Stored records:
(* Let $\xi_1,\xi_2,\dots$ be i.i.d. standard Gaussian random variables. There are constants $\tilde c_3,\tilde c_4>0$ such that for all $L>0$ and all $N\in\mathbb{N}$ with $L/2\le N\le2L$, $$\tilde c_3L\le-\log\mathbb{E}\,e^{-L\max_{i=1,\dots,N}|\xi_i|}\le\tilde c_4L.$$ *)

From HB Require Import structures.
From mathcomp Require Import all_boot all_order all_algebra.
From mathcomp Require Import finmap.
From mathcomp Require Import all_classical all_reals all_analysis.
Set Implicit Arguments. Unset Strict Implicit. Unset Printing Implicit Defensive.
Import Order.TTheory GRing.Theory Num.Theory.
Local Open Scope classical_set_scope.
Local Open Scope ring_scope.

Definition mutually_independent_RVs {d} {T : measurableType d} {R : realType}
    (P : probability T R) (X : nat -> {RV P >-> R}) : Prop :=
  forall (J : {fset nat}) (B : nat -> set R),
    (forall j, j \in J -> measurable (B j)) ->
    P (\bigcap_(j in [set` J]) (X j @^-1` B j)) =
    (\prod_(j <- J) P (X j @^-1` B j))%E.

Definition standard_gaussian_RV {d} {T : measurableType d} {R : realType}
    (P : probability T R) (X : {RV P >-> R}) : Prop :=
  forall A : set R, measurable A -> distribution P X A = normal_prob 0 1 A.

(* max_{i = 1..N} |xi_i| (indices shifted to 0..N-1) *)
Definition max_abs {d} {T : measurableType d} {R : realType}
    (P : probability T R) (xi : nat -> {RV P >-> R}) (N : nat) (w : T) : R :=
  \big[Num.max/0]_(i < N) `|xi i w|.

From HB Require Import structures.
From mathcomp Require Import all_boot all_order all_algebra finmap.
From mathcomp Require Import all_classical all_reals all_analysis.
From mathcomp Require Import measurable_realfun ring lra.
Import Order.TTheory GRing.Theory Num.Theory.
Local Open Scope classical_set_scope.
Local Open Scope ring_scope.

(* Let p = P(|xi| <= 1), so 0 < p < 1. By independence the event
   {max_(i<N) |xi_i| <= 1} has probability p^N; on it exp(-L max) >= exp(-L), and
   off it exp(-L max) <= exp(-L). Hence, writing x = exp(-L),
     x p^N <= E exp(-L max) <= f := x + (1 - x) p^N.
   For L/2 <= N <= 2L the lower bound gives -ln E <= (1 - 2 ln p) L. For the
   upper bound, -ln f >= 1 - f >= (1 - x)(1 - p) >= (1 - p) L / (1 + L) handles
   small L, and f <= x + p^(L/2) <= 2 exp(-a L) with a = min(1, -ln p / 2)
   handles large L. *)

Lemma ln_le_subr1 {R : realType} (x : R) : 0 < x -> ln x <= x - 1.
Proof.
by move=> x0; have := @le_ln1Dx R (x - 1); rewrite [1 + _]addrC subrK; apply; lra.
Qed.

Section exponential_mixture.
Context {R : realType} {p : R}.
Hypotheses (p_gt0 : 0 < p) (p_lt1 : p < 1).

Let lnp_lt0 : ln p < 0. Proof. by rewrite ln_lt0 // p_gt0. Qed.

Lemma neg_ln_le_of_ge (L e : R) (N : nat) : N%:R <= 2 * L ->
  expR (- L) * p ^+ N <= e -> - ln e <= (1 - 2 * ln p) * L.
Proof.
move=> NL he.
have lnN : ln (expR (- L) * p ^+ N) <= ln e.
  by rewrite ler_ln ?posrE ?(lt_le_trans _ he) ?mulr_gt0 ?expR_gt0 ?exprn_gt0.
move: lnN; rewrite lnM ?posrE ?expR_gt0 ?exprn_gt0 // expRK lnXn // -mulr_natr.
have : 2 * L * ln p <= N%:R * ln p by rewrite ler_wnM2r // ltW.
lra.
Qed.

Local Notation mix L N := (expR (- L) + (1 - expR (- L)) * p ^+ N).

Lemma neg_ln_mix_ge_small (L : R) (N : nat) : 0 <= L -> (0 < N)%N ->
  L / (1 + L) * (1 - p) <= - ln (mix L N).
Proof.
move=> L0 N0.
set x := expR (- L); set y := p ^+ N.
have x0 : 0 < x by exact: expR_gt0.
have y0 : 0 < y by exact: exprn_gt0.
have xle1 : x <= 1 by rewrite /x expR_le1 oppr_le0.
have x1 : x * (1 + L) <= 1.
  by rewrite /x expRN mulrC ler_pdivrMr ?expR_gt0 // mul1r expR_ge1Dx.
have yp : y <= p by rewrite -[leRHS]expr1 ler_wiXn2l // ltW.
have Lx : L / (1 + L) <= 1 - x.
  rewrite ler_pdivrMr; last lra.
  rewrite mulrBl mul1r; lra.
have f0 : 0 < x + (1 - x) * y by nra.
have fE : x + (1 - x) * y - 1 = - ((1 - x) * (1 - y)) by ring.
have := ln_le_subr1 _ f0.
have : L / (1 + L) * (1 - p) <= (1 - x) * (1 - y).
  by rewrite ler_pM ?divr_ge0 ?lerB ?subr_ge0 // ?ltW //; lra.
lra.
Qed.

Let a := Num.min 1 (- ln p / 2).

Let a_gt0 : 0 < a.
Proof. by rewrite lt_min ltr01 /= divr_gt0 // oppr_gt0. Qed.

Lemma neg_ln_mix_ge_large (L : R) (N : nat) : 0 <= L -> L / 2 <= N%:R ->
  a * L - ln 2 <= - ln (mix L N).
Proof.
move=> L0 NL.
set x := expR (- L); set y := p ^+ N.
have a1 : a <= 1 by rewrite ge_min lexx.
have a2 : a <= - ln p / 2 by rewrite ge_min lexx orbT.
have x0 : 0 < x by exact: expR_gt0.
have xle1 : x <= 1 by rewrite /x expR_le1 oppr_le0.
have y0 : 0 < y by exact: exprn_gt0.
have xa : x <= expR (- (a * L)) by rewrite ler_expR; nra.
have ya : y <= expR (- (a * L)).
  rewrite /y -[p]lnK ?posrE // -expRM_natl ler_expR.
  have : N%:R * ln p <= L / 2 * ln p by rewrite ler_wnM2r // ltW.
  nra.
have f0 : 0 < x + (1 - x) * y by nra.
have f2 : x + (1 - x) * y <= 2 * expR (- (a * L)) by nra.
have := f2; rewrite -ler_ln ?posrE ?mulr_gt0 ?expR_gt0 // lnM ?posrE ?expR_gt0 //.
rewrite expRK; lra.
Qed.

Lemma neg_ln_mix_ge_linear : exists2 c : R, 0 < c &
  forall (L e : R) (N : nat), 0 < L -> L / 2 <= N%:R ->
    0 < e -> e <= mix L N -> c * L <= - ln e.
Proof.
(* Beyond [L1] we have [a * L - ln 2 >= a * L / 2]; below it the small-[L]
   bound has slope at least [(1 - p) / (1 + L1)]. *)
pose L1 := 2 * ln 2 / a.
have ln2 : 0 < ln (2 : R) by rewrite ln_gt0 // ltr1n.
have L1_gt0 : 0 < L1 by rewrite divr_gt0 ?mulr_gt0.
have aL1 : a * L1 = 2 * ln 2 by rewrite /L1 mulrC divfK // gt_eqF.
exists (Num.min (a / 2) ((1 - p) / (1 + L1))).
  by rewrite lt_min !divr_gt0 ?subr_gt0 // addr_gt0.
move=> L e N L0 NL e0 emix.
have N0 : (0 < N)%N.
  by rewrite lt0n; apply: contraTneq NL => ->; rewrite -ltNge; lra.
apply: (@le_trans _ _ (- ln (mix L N))); last first.
  by rewrite lerN2 ler_ln ?posrE // (lt_le_trans e0).
set c := Num.min _ _.
have [LL1|L1L] := lerP L L1.
  have cL : c * L <= (1 - p) / (1 + L1) * L by rewrite ler_pM2r // ge_min lexx orbT.
  have : (1 - p) / (1 + L1) * L <= L / (1 + L) * (1 - p).
    rewrite mulrAC [X in _ <= X]mulrAC [(1 - p) * L]mulrC.
    apply: ler_wpM2l; first by rewrite mulr_ge0 ?subr_ge0 ?ltW.
    by rewrite lef_pV2 ?posrE ?lerD2l // addr_gt0.
  have := neg_ln_mix_ge_small L N (ltW L0) N0.
  lra.
have cL : c * L <= a / 2 * L by rewrite ler_pM2r // ge_min lexx.
have : a * L1 <= a * L by rewrite ler_pM2l // ltW.
have := neg_ln_mix_ge_large L N (ltW L0) NL.
lra.
Qed.

End exponential_mixture.

Section standard_normal.
Variable R : realType.

Lemma normal_prob_fin_num (m s : R) (A : set R) : measurable A ->
  normal_prob m s A \is a fin_num.
Proof.
move=> mA; rewrite ge0_fin_numE ?measure_ge0 //.
exact: le_lt_trans (probability_le1 (normal_prob m s) mA) (ltry 1).
Qed.

Lemma normal_prob01_itv_gt0 (a b : R) : a < b -> (0 < normal_prob 0 1 `[a, b])%E.
Proof.
move=> ab.
pose c := normal_peak 1 * expR (- (a ^+ 2 + b ^+ 2) / 2).
have c0 : 0 < c by rewrite mulr_gt0 ?expR_gt0 // normal_peak_gt0 // oner_neq0.
apply: (@lt_le_trans _ _ (\int[lebesgue_measure]_(x in `[a, b]) c%:E)%E).
  have := lebesgue_measure_itv `[a, b]; rewrite /= lte_fin ab => lebE.
  rewrite integral_cst // [X in (_ * X)%E]lebE -EFinB -EFinM lte_fin.
  by rewrite mulr_gt0 // subr_gt0.
apply: ge0_le_integral => //=.
- by move=> x _; rewrite lee_fin ltW.
- by apply/measurable_EFinP; apply: measurable_funTS; exact: measurable_normal_pdf.
move=> x; rewrite in_itv /= => /andP[ax xb]; rewrite lee_fin.
rewrite /normal_pdf oner_eq0 /c /normal_fun ler_pM2l ?normal_peak_gt0 ?oner_neq0 //.
rewrite ler_expR subr0 expr1n !mulNr lerN2 ler_pM2r //.
have [x0|x0] := lerP 0 x; nra.
Qed.

Lemma normal_prob01_itvN11_gt0_lt1 :
  0 < fine (normal_prob (0 : R) 1 `[-1, 1]) < 1.
Proof.
have sub : `[-1, 1] `<=` ~` (`[2, 3] : set R).
  by move=> x /=; rewrite !in_itv /= => /andP[_ x1] /andP[x2 _]; lra.
have fin11 := normal_prob_fin_num 0 1 _ (measurable_itv `[-1, 1]).
have fin23 := normal_prob_fin_num 0 1 _ (measurable_itv `[2, 3]).
have pos11 : (0 < normal_prob (0 : R) 1 `[(-1)%R, 1%R])%E.
  by apply: normal_prob01_itv_gt0; lra.
have pos23 : (0 < normal_prob (0 : R) 1 `[2%R, 3%R])%E.
  by apply: normal_prob01_itv_gt0; lra.
have le11 : (normal_prob (0 : R) 1 `[(-1)%R, 1%R]
             <= 1 - normal_prob (0 : R) 1 `[2%R, 3%R])%E.
  rewrite -probability_setC; last exact: measurable_itv.
  by apply: le_measure => //; rewrite inE;
    [|apply: measurableC]; exact: measurable_itv.
rewrite -(fineK fin11) -(fineK fin23) in pos11 pos23 le11.
rewrite -EFinB !lte_fin lee_fin in pos11 pos23 le11.
by apply/andP; split; lra.
Qed.

End standard_normal.

Lemma measurable_bigmaxr {d} {T : measurableType d} {R : realType} (I : Type)
    (s : seq I) (Pr : pred I) (D : set T) (f : I -> T -> R) :
  (forall i, measurable_fun D (f i)) ->
  measurable_fun D (fun x => \big[Num.max/0]_(i <- s | Pr i) f i x).
Proof.
move=> mf; elim: s => [|i s IH].
  by under eq_fun do rewrite big_nil; exact: measurable_cst.
under eq_fun do rewrite big_cons; case: (Pr i) => //.
exact: measurable_maxr.
Qed.

Lemma expR_neg_mul_indic_bounds {R : realType} (L m : R) (b : bool) :
  0 <= L -> 0 <= m -> b = (m <= 1) ->
  expR (- L) * b%:R <= expR (- (L * m)) <= expR (- L) + (1 - expR (- L)) * b%:R.
Proof.
move=> L0 m0 ->; have k1 : expR (- L) <= 1 by rewrite expR_le1 oppr_le0.
have [m1|m1] := lerP m 1; rewrite ?mulr1 ?mulr0 ?addr0 ?subrKC.
- by rewrite ler_expR lerN2 ler_piMr // expR_le1 oppr_le0 mulr_ge0.
- by rewrite expR_ge0 ler_expR lerN2 ler_peMr // ltW.
Qed.

Section iid_family.
Context {d : measure_display} {T : measurableType d} {R : realType}
  {P : probability T R}.

Lemma iid_prob_all_in {X : nat -> {RV P >-> R}} {B : set R} {q : R} (N : nat) :
  mutually_independent_RVs X -> measurable B ->
  (forall j, P (X j @^-1` B) = q%:E) ->
  P [set w | forall i, (i < N)%N -> B (X i w)] = (q ^+ N)%:E.
Proof.
move=> indX mB PXB; pose J := seq_fset tt (iota 0 N).
have -> : [set w | forall i, (i < N)%N -> B (X i w)] =
    \bigcap_(j in [set` J]) (X j @^-1` B).
  apply/seteqP; split => w /= h j.
    by rewrite /= seq_fsetE mem_iota add0n => /andP[_ jN]; exact: h.
  by move=> jN; apply: h; rewrite /= seq_fsetE mem_iota add0n.
rewrite indX // (eq_bigr (fun=> q%:E)) // prodEFin.
rewrite big_const_seq count_predT iter_mulr_1.
by rewrite (perm_size (seq_fset_perm _ _)) undup_id ?iota_uniq // size_iota.
Qed.

Lemma max_abs_ge0 (xi : nat -> {RV P >-> R}) N w : 0 <= max_abs xi N w.
Proof. exact: bigmax_ge_id. Qed.

Lemma max_abs_le (xi : nat -> {RV P >-> R}) N w (c : R) : 0 <= c ->
  (max_abs xi N w <= c) <-> (forall i, (i < N)%N -> `|xi i w| <= c).
Proof.
move=> c0; split => [/bigmax_leP[_ h] i iN | h]; first exact: (h (Ordinal iN)).
by apply/bigmax_leP; split => // i _; exact: h.
Qed.

Lemma measurable_max_abs (xi : nat -> {RV P >-> R}) N :
  measurable_fun setT (max_abs xi N).
Proof.
apply: measurable_bigmaxr => i.
by apply: measurableT_comp => //; exact: measurable_funP.
Qed.

Lemma expectation_expR_neg_bounds {M : T -> R} {L q : R} :
  measurable_fun setT M -> (forall w, 0 <= M w) -> 0 <= L ->
  P [set w | M w <= 1] = q%:E ->
  expR (- L) * q <= fine 'E_P[fun w => expR (- (L * M w))]
                <= expR (- L) + (1 - expR (- L)) * q.
Proof.
move=> mM M0 L0 PA; set A := [set w | M w <= 1] in PA *.
have mA : measurable A.
  rewrite (_ : A = M @^-1` `]-oo, 1]); last first.
    by apply/seteqP; split => w /=; rewrite in_itv.
  by rewrite -[_ @^-1` _]setTI; apply: mM => //; exact: measurable_itv.
have mg : measurable_fun setT (fun w => expR (- (L * M w))).
  apply: measurableT_comp => //; apply: measurableT_comp => //.
  exact: measurable_funM.
have g_bounds w : expR (- L) * \1_A w <= expR (- (L * M w))
                  <= expR (- L) + (1 - expR (- L)) * \1_A w.
  rewrite indicE; apply: expR_neg_mul_indic_bounds => //.
  by apply/idP/idP => [/set_mem|/mem_set].
have int_indic (c : R) : 0 <= c -> (\int[P]_w (c * \1_A w)%:E)%E = (c * q)%:E.
  move=> c0; under eq_integral do rewrite EFinM.
  rewrite ge0_integralZl_EFin //; last first.
    by apply/measurable_EFinP; exact: measurable_indic.
  by rewrite integral_indic // setIT EFinM; congr (_ * _)%E; exact: PA.
have lb : ((expR (- L) * q)%:E <= \int[P]_w (expR (- (L * M w)))%:E)%E.
  rewrite -int_indic ?expR_ge0 //; apply: ge0_le_integral.
  - exact: measurableT.
  - by move=> w _; rewrite lee_fin mulr_ge0 ?expR_ge0.
  - apply/measurable_EFinP; apply: measurable_funM => //; exact: measurable_indic.
  - exact/measurable_EFinP.
  - by move=> w _; rewrite lee_fin; case/andP: (g_bounds w).
have ub : (\int[P]_w (expR (- (L * M w)))%:E <=
           (expR (- L) + (1 - expR (- L)) * q)%:E)%E.
  have k1 : expR (- L) <= 1 by rewrite expR_le1 oppr_le0.
  rewrite EFinD -int_indic ?subr_ge0 // -[X in (X + _)%E]mule1.
  have mind : measurable_fun setT (fun w => (1 - expR (- L)) * \1_A w).
    by apply: measurable_funM => //; exact: measurable_indic.
  rewrite -(probability_setT P) -integral_cst //= -ge0_integralD //=; last 2 first.
  - by move=> w _; rewrite lee_fin mulr_ge0 ?subr_ge0 ?indic_ge0.
  - exact/measurable_EFinP.
  under [X in (_ <= X)%E]eq_integral do rewrite -EFinD.
  apply: ge0_le_integral => //=.
  - exact/measurable_EFinP.
  - by apply/measurable_EFinP; apply: measurable_funD.
  - by move=> w _; rewrite lee_fin; case/andP: (g_bounds w).
rewrite unlock; move: lb ub; case: (\int[P]_w _)%E => [r||] //=.
by rewrite !lee_fin => -> ->.
Qed.

End iid_family.
Theorem lemma9 (R : realType) (d : measure_display) (T : measurableType d)
    (P : probability T R) (xi : nat -> {RV P >-> R})
    (hind : mutually_independent_RVs xi)
    (hgauss : forall i, standard_gaussian_RV (xi i)) :
  exists c3 c4 : R, 0 < c3 /\ 0 < c4 /\
    forall (L : R) (N : nat), 0 < L -> L / 2 <= N%:R -> N%:R <= 2 * L ->
      c3 * L <= - ln (fine ('E_P[fun w => expR (- (L * max_abs xi N w))])%E)
      /\ - ln (fine ('E_P[fun w => expR (- (L * max_abs xi N w))])%E) <= c4 * L.
Proof.
have /andP[p_gt0 p_lt1] := normal_prob01_itvN11_gt0_lt1 R.
set p := fine _ in p_gt0 p_lt1.
have [c c_gt0 c_le] := neg_ln_mix_ge_linear p_gt0 p_lt1.
have lnp_lt0 : ln p < 0 by rewrite ln_lt0 // p_gt0.
exists c, (1 - 2 * ln p); split=> //; split=> [|L N L_gt0 NL NL2]; first lra.
have PB j : P (xi j @^-1` `[-1, 1]) = p%:E.
  have := hgauss j _ (measurable_itv `[-1, 1]).
  rewrite /distribution /pushforward => ->.
  by rewrite /p fineK // normal_prob_fin_num.
have PA : P [set w | max_abs xi N w <= 1] = (p ^+ N)%:E.
  rewrite -(iid_prob_all_in N hind (measurable_itv _) PB).
  have -> // : [set w | max_abs xi N w <= 1] =
      [set w | forall i, (i < N)%N -> xi i w \in `[-1, 1]].
  apply/seteqP; split=> w /=; rewrite max_abs_le //.
    by move=> h i /h; rewrite in_itv /= -ler_norml.
  by move=> h i /h; rewrite in_itv /= ler_norml.
have /andP[lb ub] := expectation_expR_neg_bounds (measurable_max_abs xi N)
  (max_abs_ge0 xi N) (ltW L_gt0) PA.
have e_gt0 : 0 < fine 'E_P[fun w => expR (- (L * max_abs xi N w))].
  by apply: lt_le_trans lb; rewrite mulr_gt0 ?expR_gt0 ?exprn_gt0.
split; first exact: c_le ub.
exact: neg_ln_le_of_ge lb.
Qed.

# [Your task]
Take exactly the lines from the one containing "- by rewrite expR_ge0" through the one containing "move=> indX mB" in the data above, and output them with nothing added.

# [Answer box]
- by rewrite expR_ge0 ler_expR lerN2 ler_peMr // ltW.
Qed.

Section iid_family.
Context {d : measure_display} {T : measurableType d} {R : realType}
  {P : probability T R}.

Lemma iid_prob_all_in {X : nat -> {RV P >-> R}} {B : set R} {q : R} (N : nat) :
  mutually_independent_RVs X -> measurable B ->
  (forall j, P (X j @^-1` B) = q%:E) ->
  P [set w | forall i, (i < N)%N -> B (X i w)] = (q ^+ N)%:E.
Proof.
move=> indX mB PXB; pose J := seq_fset tt (iota 0 N).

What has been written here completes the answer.